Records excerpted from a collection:

=======

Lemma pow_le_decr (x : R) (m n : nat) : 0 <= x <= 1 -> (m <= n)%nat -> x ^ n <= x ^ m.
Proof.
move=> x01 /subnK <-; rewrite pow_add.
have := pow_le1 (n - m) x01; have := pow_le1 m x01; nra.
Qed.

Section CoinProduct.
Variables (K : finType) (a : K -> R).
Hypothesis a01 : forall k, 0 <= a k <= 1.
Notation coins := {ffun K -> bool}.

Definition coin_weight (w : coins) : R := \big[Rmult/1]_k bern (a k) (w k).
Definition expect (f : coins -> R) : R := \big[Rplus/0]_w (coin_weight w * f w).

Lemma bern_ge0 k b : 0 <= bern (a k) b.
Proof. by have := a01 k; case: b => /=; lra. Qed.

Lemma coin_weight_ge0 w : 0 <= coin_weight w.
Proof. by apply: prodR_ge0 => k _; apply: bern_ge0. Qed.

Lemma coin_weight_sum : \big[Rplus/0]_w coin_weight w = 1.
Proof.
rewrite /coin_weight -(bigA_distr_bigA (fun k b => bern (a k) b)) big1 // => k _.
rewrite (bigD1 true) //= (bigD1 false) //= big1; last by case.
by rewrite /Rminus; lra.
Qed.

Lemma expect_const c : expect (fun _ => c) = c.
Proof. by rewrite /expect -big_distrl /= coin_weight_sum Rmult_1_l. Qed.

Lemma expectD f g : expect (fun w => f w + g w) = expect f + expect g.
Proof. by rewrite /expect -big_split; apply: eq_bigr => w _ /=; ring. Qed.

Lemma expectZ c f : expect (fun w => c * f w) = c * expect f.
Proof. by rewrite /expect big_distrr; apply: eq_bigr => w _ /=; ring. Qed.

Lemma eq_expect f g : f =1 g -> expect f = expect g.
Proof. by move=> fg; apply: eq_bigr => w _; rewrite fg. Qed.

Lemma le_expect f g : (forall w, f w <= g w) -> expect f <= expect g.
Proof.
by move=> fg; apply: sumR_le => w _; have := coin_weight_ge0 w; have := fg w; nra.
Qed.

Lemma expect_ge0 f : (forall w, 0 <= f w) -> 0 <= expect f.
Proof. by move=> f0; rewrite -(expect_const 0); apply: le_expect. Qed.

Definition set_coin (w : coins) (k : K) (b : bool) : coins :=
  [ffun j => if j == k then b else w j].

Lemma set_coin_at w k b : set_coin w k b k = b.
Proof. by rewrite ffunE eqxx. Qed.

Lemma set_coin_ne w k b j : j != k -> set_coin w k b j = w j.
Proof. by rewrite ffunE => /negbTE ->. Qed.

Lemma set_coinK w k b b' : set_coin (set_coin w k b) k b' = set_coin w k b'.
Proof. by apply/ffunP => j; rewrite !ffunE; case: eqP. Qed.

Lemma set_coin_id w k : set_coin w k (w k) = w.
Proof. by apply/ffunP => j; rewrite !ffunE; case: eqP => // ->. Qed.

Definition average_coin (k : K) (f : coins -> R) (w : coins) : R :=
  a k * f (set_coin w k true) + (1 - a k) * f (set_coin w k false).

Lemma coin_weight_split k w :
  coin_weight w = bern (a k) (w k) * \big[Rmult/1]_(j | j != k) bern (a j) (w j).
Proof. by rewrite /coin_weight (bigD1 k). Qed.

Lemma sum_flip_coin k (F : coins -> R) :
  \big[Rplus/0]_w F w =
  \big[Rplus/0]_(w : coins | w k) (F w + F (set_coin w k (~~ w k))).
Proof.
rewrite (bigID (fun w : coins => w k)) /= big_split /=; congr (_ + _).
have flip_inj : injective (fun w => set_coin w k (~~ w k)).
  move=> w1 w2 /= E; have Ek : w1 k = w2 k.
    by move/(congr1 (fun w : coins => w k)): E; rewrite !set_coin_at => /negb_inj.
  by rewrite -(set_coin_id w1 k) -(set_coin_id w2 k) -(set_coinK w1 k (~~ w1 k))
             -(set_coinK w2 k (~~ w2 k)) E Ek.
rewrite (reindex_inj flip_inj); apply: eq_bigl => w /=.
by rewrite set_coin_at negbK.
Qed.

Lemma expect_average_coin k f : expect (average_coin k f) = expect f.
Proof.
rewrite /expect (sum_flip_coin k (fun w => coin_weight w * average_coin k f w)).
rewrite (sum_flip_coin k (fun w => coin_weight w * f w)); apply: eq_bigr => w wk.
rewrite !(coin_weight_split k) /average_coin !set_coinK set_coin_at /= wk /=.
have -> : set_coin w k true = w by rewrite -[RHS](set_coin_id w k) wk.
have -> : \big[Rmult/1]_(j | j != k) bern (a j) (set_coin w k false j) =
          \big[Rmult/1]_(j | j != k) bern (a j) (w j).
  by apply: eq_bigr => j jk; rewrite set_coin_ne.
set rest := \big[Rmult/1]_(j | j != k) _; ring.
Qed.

=======

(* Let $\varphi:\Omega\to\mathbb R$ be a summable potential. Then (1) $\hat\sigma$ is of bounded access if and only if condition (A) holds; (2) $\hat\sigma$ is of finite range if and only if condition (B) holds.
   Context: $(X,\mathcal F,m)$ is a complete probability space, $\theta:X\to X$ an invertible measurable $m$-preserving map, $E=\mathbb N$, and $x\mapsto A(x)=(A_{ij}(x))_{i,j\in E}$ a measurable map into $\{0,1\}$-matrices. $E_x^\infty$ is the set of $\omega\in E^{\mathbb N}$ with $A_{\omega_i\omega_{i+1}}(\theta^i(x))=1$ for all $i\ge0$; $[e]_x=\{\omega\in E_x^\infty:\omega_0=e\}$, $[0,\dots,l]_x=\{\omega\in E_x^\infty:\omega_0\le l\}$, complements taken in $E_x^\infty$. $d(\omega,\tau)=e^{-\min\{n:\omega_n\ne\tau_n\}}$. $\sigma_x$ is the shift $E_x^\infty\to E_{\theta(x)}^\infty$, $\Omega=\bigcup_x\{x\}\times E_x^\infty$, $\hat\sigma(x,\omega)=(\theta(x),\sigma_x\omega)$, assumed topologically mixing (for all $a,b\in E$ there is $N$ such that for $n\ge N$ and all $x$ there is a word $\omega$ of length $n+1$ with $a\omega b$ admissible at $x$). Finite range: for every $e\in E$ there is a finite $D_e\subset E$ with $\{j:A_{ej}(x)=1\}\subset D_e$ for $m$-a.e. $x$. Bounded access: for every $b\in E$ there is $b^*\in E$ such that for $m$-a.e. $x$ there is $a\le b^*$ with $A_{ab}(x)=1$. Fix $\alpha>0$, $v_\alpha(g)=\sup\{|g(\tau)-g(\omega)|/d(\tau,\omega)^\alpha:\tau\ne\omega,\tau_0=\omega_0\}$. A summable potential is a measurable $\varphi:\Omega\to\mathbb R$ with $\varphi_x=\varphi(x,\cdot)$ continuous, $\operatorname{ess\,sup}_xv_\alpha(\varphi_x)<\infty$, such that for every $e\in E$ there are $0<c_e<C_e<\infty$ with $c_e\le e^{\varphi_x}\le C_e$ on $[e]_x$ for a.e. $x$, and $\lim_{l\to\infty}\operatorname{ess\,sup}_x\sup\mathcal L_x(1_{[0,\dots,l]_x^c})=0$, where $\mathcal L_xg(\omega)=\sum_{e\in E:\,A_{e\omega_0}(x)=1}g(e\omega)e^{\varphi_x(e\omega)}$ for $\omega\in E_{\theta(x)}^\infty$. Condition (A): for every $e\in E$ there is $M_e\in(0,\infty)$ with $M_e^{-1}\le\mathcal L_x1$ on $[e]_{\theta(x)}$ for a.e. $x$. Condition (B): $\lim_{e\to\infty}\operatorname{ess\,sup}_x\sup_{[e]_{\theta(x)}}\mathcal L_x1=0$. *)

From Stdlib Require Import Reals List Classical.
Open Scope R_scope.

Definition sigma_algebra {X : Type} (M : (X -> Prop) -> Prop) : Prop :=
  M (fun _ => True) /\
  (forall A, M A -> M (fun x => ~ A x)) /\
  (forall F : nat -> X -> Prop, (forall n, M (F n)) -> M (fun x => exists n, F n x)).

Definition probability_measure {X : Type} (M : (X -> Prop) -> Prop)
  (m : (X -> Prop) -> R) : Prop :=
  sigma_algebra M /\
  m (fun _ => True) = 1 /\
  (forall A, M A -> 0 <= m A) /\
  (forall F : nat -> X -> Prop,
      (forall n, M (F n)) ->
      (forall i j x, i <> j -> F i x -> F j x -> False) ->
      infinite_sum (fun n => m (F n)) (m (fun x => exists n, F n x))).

=======

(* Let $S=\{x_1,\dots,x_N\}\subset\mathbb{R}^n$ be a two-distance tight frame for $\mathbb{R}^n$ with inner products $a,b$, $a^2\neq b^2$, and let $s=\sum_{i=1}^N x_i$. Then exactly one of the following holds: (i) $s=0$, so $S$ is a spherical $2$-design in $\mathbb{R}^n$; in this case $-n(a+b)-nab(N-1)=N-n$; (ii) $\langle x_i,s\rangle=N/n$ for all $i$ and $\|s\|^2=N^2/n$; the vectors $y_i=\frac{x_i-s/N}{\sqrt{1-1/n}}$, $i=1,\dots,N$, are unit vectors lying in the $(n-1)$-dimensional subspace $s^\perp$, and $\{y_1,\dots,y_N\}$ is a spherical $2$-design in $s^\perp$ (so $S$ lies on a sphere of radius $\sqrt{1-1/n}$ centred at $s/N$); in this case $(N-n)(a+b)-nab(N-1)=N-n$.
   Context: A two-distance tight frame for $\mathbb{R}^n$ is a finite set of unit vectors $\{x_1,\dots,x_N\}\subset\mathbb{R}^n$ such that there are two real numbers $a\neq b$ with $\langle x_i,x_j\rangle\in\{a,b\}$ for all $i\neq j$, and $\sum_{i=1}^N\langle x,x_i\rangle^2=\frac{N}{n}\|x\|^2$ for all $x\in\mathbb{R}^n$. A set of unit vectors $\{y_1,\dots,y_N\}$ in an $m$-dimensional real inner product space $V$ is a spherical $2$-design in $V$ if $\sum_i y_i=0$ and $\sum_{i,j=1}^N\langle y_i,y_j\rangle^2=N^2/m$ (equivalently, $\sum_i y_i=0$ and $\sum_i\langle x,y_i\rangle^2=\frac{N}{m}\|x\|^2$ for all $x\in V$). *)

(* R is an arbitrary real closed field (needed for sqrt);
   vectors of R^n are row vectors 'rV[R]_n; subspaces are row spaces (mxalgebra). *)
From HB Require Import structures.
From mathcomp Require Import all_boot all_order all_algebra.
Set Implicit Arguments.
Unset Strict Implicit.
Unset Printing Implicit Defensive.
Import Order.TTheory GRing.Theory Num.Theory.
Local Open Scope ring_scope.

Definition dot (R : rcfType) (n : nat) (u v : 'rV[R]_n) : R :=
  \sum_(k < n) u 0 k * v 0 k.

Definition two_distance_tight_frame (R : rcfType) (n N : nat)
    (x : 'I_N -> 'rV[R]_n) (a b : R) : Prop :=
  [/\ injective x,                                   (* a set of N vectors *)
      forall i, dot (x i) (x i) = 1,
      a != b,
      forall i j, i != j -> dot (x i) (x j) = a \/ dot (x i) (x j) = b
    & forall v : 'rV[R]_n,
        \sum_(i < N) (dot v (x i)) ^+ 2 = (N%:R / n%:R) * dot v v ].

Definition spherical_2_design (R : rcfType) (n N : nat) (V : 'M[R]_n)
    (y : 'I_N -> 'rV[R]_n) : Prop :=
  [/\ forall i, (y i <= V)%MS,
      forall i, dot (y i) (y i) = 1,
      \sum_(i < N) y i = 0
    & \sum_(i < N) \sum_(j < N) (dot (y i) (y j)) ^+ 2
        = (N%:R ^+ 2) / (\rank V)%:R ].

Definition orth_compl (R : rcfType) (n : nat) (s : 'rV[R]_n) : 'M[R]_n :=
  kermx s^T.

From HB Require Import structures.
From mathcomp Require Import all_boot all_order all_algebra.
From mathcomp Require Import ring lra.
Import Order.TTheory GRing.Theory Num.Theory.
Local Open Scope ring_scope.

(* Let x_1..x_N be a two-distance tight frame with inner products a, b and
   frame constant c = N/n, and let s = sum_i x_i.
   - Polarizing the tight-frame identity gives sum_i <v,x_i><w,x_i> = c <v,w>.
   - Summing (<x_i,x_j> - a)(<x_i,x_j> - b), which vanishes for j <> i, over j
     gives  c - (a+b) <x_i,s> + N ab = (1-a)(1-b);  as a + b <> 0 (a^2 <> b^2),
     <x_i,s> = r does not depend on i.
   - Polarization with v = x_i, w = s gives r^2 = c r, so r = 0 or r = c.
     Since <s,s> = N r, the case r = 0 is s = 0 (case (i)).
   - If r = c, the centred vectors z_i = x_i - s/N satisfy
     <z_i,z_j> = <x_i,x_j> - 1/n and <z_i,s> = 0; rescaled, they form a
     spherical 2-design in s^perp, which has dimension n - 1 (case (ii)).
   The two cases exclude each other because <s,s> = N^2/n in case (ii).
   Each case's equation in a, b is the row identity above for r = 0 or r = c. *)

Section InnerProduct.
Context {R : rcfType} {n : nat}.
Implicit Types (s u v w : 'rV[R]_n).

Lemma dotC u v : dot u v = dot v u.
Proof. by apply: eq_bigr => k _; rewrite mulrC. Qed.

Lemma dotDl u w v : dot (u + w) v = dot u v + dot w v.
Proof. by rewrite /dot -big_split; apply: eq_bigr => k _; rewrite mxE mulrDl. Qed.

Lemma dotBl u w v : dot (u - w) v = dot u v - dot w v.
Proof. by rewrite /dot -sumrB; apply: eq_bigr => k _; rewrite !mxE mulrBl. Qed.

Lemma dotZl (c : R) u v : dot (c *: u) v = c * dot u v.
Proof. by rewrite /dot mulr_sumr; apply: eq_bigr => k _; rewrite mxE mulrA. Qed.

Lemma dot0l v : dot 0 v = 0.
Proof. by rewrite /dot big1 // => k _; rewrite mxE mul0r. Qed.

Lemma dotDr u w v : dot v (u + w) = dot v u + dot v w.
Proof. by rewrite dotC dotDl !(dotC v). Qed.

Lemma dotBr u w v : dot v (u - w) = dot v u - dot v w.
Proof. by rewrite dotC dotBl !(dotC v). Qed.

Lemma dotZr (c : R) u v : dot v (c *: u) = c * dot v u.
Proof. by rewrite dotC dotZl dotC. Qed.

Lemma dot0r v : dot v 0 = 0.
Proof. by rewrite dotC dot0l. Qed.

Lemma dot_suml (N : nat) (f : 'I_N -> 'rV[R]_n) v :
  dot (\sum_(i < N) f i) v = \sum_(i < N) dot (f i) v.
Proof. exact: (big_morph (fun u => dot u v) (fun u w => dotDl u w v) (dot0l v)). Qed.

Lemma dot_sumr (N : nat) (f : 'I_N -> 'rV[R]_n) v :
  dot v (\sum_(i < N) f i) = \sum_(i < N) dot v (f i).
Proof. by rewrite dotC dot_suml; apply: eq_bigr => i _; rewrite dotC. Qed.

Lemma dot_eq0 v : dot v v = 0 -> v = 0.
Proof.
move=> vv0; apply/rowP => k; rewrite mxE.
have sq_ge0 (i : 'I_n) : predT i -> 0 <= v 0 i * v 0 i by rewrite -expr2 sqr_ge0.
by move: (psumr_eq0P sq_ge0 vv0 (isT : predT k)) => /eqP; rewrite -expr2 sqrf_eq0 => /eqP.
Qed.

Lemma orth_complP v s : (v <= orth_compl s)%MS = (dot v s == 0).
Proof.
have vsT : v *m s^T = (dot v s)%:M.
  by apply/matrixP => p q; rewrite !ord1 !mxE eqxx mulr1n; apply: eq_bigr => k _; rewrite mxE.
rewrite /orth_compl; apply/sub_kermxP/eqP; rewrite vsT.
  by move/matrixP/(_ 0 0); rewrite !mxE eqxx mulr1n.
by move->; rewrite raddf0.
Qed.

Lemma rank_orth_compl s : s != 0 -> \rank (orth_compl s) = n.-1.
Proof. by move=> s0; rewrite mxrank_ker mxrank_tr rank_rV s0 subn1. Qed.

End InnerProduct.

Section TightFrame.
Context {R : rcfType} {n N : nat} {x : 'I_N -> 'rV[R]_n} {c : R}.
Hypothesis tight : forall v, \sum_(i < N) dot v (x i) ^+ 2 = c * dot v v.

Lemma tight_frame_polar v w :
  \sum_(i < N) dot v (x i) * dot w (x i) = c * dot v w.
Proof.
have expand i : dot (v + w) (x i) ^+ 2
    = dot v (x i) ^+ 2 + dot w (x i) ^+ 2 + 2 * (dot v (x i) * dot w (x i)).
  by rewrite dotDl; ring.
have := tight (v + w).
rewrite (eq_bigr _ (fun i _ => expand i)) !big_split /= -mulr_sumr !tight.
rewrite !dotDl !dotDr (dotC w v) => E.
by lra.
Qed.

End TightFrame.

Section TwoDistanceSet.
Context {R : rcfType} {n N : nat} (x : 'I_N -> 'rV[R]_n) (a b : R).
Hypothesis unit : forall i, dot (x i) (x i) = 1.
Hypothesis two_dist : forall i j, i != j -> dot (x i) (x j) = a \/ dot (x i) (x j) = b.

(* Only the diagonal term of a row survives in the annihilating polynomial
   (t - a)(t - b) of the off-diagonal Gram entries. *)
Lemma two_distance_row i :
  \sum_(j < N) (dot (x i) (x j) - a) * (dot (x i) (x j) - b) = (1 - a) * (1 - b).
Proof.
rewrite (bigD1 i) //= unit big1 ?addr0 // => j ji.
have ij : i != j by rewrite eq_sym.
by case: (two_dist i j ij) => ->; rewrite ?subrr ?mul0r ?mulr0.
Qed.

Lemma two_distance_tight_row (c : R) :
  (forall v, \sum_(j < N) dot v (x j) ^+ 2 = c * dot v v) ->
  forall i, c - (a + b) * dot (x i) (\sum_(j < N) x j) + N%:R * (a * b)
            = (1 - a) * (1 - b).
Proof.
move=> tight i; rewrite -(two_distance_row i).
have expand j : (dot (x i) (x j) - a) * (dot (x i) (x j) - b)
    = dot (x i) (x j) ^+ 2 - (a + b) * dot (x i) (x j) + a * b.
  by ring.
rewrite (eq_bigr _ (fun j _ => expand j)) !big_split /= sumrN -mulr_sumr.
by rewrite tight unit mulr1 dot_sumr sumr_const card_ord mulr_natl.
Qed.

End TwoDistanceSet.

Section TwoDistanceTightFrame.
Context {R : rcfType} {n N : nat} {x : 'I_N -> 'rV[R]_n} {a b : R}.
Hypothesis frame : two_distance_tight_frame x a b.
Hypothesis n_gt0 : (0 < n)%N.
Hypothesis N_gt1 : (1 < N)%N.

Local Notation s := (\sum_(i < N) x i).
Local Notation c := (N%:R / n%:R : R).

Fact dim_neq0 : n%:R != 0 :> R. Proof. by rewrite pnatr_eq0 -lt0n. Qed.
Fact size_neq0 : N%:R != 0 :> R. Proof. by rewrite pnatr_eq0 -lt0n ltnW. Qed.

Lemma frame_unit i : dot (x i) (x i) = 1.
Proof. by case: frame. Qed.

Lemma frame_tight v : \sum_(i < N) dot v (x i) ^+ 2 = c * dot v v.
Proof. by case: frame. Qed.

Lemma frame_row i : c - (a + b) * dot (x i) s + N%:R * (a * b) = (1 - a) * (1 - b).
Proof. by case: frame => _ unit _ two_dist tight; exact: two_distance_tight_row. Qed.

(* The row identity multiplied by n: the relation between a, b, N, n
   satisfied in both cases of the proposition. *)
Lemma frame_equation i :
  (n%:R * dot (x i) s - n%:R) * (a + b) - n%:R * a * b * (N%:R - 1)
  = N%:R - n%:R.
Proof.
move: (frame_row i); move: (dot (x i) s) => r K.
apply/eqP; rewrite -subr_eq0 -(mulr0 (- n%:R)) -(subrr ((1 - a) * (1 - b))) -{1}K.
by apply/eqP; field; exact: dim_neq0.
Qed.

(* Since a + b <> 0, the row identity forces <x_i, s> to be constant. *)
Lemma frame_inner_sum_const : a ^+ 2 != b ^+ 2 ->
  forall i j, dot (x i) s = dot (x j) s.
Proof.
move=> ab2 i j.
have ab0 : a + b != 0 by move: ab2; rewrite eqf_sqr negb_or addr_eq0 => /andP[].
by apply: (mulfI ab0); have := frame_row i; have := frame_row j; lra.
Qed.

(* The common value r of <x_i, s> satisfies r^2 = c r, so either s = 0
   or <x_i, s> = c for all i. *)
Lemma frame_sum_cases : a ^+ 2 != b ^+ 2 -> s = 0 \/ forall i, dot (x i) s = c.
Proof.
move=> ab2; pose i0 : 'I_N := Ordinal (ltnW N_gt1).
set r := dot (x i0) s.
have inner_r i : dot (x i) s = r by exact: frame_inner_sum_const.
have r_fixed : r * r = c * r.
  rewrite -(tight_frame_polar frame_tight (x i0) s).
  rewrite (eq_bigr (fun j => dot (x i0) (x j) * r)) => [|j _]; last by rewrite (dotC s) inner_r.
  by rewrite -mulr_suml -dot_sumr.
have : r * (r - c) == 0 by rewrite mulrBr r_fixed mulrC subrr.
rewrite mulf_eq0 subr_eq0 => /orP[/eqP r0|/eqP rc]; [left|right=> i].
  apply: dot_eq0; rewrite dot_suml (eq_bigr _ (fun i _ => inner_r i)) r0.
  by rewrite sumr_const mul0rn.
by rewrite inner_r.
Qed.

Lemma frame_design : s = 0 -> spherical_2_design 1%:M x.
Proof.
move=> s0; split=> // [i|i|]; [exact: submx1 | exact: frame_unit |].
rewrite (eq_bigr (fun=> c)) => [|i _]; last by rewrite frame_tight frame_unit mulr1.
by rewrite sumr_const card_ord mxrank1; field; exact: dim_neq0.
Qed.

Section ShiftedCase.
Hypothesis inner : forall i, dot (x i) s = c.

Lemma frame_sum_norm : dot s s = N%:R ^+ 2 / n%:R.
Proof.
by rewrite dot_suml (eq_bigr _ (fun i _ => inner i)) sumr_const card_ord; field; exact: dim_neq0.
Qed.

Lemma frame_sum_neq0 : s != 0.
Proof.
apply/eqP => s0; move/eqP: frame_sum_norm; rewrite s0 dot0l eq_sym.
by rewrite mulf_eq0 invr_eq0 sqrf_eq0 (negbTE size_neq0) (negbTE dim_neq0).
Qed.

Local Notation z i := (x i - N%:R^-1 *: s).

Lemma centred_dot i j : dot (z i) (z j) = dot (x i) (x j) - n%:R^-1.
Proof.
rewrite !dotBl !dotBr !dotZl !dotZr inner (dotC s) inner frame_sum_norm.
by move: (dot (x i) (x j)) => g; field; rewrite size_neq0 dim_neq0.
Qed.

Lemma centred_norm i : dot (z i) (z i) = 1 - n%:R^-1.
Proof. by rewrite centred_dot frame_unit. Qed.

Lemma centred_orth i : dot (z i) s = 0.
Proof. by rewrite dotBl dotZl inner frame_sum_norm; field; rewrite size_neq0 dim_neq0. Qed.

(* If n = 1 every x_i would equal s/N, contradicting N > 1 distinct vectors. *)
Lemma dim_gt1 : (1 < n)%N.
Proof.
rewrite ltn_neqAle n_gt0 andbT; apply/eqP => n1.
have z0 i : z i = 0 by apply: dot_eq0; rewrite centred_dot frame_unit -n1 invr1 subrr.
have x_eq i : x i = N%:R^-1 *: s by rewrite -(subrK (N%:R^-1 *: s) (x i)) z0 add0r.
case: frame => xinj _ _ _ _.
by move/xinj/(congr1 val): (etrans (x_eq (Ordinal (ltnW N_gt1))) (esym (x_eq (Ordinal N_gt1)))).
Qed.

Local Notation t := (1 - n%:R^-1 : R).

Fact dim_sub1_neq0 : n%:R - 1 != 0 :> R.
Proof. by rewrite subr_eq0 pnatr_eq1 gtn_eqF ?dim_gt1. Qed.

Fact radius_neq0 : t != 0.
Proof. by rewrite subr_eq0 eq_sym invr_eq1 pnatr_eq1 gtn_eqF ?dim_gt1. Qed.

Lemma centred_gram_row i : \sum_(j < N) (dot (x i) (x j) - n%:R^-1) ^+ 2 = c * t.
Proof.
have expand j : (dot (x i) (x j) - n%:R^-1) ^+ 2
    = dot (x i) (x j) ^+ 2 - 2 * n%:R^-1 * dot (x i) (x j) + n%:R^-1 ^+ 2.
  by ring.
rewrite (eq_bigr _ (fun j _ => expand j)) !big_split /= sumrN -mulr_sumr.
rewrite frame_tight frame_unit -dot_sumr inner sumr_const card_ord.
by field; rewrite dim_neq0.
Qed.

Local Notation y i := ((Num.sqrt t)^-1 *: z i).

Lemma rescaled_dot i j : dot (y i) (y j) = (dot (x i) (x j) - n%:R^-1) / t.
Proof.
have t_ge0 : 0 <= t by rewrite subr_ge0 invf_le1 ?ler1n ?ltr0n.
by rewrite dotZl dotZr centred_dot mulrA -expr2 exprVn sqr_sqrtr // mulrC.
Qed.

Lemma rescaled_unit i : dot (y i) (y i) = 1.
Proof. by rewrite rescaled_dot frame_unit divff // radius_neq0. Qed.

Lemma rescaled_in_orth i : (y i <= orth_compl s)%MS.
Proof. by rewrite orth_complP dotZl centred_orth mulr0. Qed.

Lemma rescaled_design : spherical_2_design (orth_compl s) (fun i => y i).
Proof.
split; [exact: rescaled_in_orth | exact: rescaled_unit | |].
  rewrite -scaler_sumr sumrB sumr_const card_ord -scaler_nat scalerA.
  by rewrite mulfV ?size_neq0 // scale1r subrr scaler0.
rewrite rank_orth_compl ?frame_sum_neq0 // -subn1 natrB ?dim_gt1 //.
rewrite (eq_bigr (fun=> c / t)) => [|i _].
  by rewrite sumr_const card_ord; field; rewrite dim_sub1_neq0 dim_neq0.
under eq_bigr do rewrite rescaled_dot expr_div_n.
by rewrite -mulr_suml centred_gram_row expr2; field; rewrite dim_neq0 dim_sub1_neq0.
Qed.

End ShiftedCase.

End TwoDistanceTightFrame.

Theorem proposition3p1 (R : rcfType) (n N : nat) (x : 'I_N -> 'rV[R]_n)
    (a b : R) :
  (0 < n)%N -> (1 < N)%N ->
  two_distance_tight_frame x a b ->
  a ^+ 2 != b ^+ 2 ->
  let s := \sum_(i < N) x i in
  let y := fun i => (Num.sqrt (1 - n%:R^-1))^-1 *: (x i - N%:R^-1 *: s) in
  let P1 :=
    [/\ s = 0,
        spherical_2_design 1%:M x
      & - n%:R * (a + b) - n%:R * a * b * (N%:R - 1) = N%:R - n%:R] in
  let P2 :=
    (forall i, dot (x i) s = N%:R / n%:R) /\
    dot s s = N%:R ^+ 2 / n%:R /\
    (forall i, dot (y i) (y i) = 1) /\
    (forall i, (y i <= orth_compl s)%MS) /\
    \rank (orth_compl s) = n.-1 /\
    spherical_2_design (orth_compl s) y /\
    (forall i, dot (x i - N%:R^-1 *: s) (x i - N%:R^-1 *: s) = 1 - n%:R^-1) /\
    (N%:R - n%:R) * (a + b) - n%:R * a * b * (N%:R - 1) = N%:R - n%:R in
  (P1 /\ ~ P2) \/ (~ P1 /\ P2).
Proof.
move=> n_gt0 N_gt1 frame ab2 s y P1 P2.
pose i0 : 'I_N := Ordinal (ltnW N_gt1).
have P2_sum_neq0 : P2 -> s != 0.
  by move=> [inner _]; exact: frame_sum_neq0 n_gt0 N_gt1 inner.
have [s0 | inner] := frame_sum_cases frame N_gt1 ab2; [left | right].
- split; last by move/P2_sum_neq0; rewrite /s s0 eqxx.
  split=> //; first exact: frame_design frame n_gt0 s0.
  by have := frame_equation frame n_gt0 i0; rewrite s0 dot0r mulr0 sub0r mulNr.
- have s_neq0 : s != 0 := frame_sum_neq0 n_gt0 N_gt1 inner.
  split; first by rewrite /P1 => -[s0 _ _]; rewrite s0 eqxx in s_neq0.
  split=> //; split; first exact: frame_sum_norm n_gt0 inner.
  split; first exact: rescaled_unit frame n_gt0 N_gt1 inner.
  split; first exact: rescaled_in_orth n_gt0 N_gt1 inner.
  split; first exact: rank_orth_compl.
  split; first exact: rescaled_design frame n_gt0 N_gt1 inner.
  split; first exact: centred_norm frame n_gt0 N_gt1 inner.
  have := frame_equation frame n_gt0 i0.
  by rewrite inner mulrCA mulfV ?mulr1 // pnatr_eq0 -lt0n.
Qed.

=======

EXERCISE DESCRIPTION: Using the records above, set down exactly the lines from the one with "Lemma frame_inner_sum_const : a" through the one with "set r := dot (x i0) s.", inclusive, and nothing more.

ANSWER AREA:
Lemma frame_inner_sum_const : a ^+ 2 != b ^+ 2 ->
  forall i j, dot (x i) s = dot (x j) s.
Proof.
move=> ab2 i j.
have ab0 : a + b != 0 by move: ab2; rewrite eqf_sqr negb_or addr_eq0 => /andP[].
by apply: (mulfI ab0); have := frame_row i; have := frame_row j; lra.
Qed.

(* The common value r of <x_i, s> satisfies r^2 = c r, so either s = 0
   or <x_i, s> = c for all i. *)
Lemma frame_sum_cases : a ^+ 2 != b ^+ 2 -> s = 0 \/ forall i, dot (x i) s = c.
Proof.
move=> ab2; pose i0 : 'I_N := Ordinal (ltnW N_gt1).
set r := dot (x i0) s.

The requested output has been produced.